[Records from a data collection]
↓↓↓

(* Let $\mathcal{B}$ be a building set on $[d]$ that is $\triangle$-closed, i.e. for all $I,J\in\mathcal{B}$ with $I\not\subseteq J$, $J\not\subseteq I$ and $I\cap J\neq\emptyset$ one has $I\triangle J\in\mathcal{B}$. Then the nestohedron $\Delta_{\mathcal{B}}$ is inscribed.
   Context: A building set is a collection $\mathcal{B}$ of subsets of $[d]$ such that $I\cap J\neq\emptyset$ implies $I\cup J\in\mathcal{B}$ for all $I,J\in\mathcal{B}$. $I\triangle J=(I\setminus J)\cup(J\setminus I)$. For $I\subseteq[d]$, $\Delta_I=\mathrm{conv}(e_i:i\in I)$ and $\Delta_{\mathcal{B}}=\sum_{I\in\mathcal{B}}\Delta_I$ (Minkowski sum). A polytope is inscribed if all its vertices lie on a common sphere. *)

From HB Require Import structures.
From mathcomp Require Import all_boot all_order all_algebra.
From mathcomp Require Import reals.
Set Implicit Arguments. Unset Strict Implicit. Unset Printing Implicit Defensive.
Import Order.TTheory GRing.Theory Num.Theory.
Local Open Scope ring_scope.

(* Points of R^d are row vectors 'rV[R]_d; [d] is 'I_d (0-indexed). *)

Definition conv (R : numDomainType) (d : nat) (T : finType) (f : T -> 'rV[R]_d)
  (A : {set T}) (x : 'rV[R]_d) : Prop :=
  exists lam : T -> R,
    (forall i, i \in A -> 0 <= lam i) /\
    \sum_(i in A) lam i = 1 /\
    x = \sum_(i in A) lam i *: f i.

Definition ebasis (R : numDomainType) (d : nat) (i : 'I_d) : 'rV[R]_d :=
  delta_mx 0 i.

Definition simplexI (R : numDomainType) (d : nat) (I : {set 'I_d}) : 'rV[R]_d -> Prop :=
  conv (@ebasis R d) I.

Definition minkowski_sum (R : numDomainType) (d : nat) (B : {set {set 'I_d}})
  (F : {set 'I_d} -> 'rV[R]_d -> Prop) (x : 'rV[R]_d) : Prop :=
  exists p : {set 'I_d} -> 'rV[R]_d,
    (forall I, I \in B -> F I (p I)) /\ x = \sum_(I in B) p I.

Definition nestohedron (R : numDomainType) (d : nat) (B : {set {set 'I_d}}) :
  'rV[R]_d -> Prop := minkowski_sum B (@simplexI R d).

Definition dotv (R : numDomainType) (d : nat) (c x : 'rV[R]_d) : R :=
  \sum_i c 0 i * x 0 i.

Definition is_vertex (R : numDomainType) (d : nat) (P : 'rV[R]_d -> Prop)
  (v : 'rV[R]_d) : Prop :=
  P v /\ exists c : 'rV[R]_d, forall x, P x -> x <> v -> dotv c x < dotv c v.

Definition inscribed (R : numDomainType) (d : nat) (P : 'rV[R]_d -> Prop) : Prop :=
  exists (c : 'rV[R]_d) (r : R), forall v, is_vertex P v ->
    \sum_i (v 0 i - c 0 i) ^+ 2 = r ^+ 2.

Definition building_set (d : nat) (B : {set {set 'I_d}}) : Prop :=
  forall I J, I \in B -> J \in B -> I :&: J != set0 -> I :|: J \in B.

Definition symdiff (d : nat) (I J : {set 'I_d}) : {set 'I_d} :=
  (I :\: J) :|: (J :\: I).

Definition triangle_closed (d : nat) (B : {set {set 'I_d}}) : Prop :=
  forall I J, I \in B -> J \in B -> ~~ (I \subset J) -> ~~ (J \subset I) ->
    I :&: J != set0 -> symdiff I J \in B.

↑↑↑

## The task
Some of the data mentions "that". Copy every line where it does.

## Output of the exercise
(* Let $\mathcal{B}$ be a building set on $[d]$ that is $\triangle$-closed, i.e. for all $I,J\in\mathcal{B}$ with $I\not\subseteq J$, $J\not\subseteq I$ and $I\cap J\neq\emptyset$ one has $I\triangle J\in\mathcal{B}$. Then the nestohedron $\Delta_{\mathcal{B}}$ is inscribed.
   Context: A building set is a collection $\mathcal{B}$ of subsets of $[d]$ such that $I\cap J\neq\emptyset$ implies $I\cup J\in\mathcal{B}$ for all $I,J\in\mathcal{B}$. $I\triangle J=(I\setminus J)\cup(J\setminus I)$. For $I\subseteq[d]$, $\Delta_I=\mathrm{conv}(e_i:i\in I)$ and $\Delta_{\mathcal{B}}=\sum_{I\in\mathcal{B}}\Delta_I$ (Minkowski sum). A polytope is inscribed if all its vertices lie on a common sphere. *)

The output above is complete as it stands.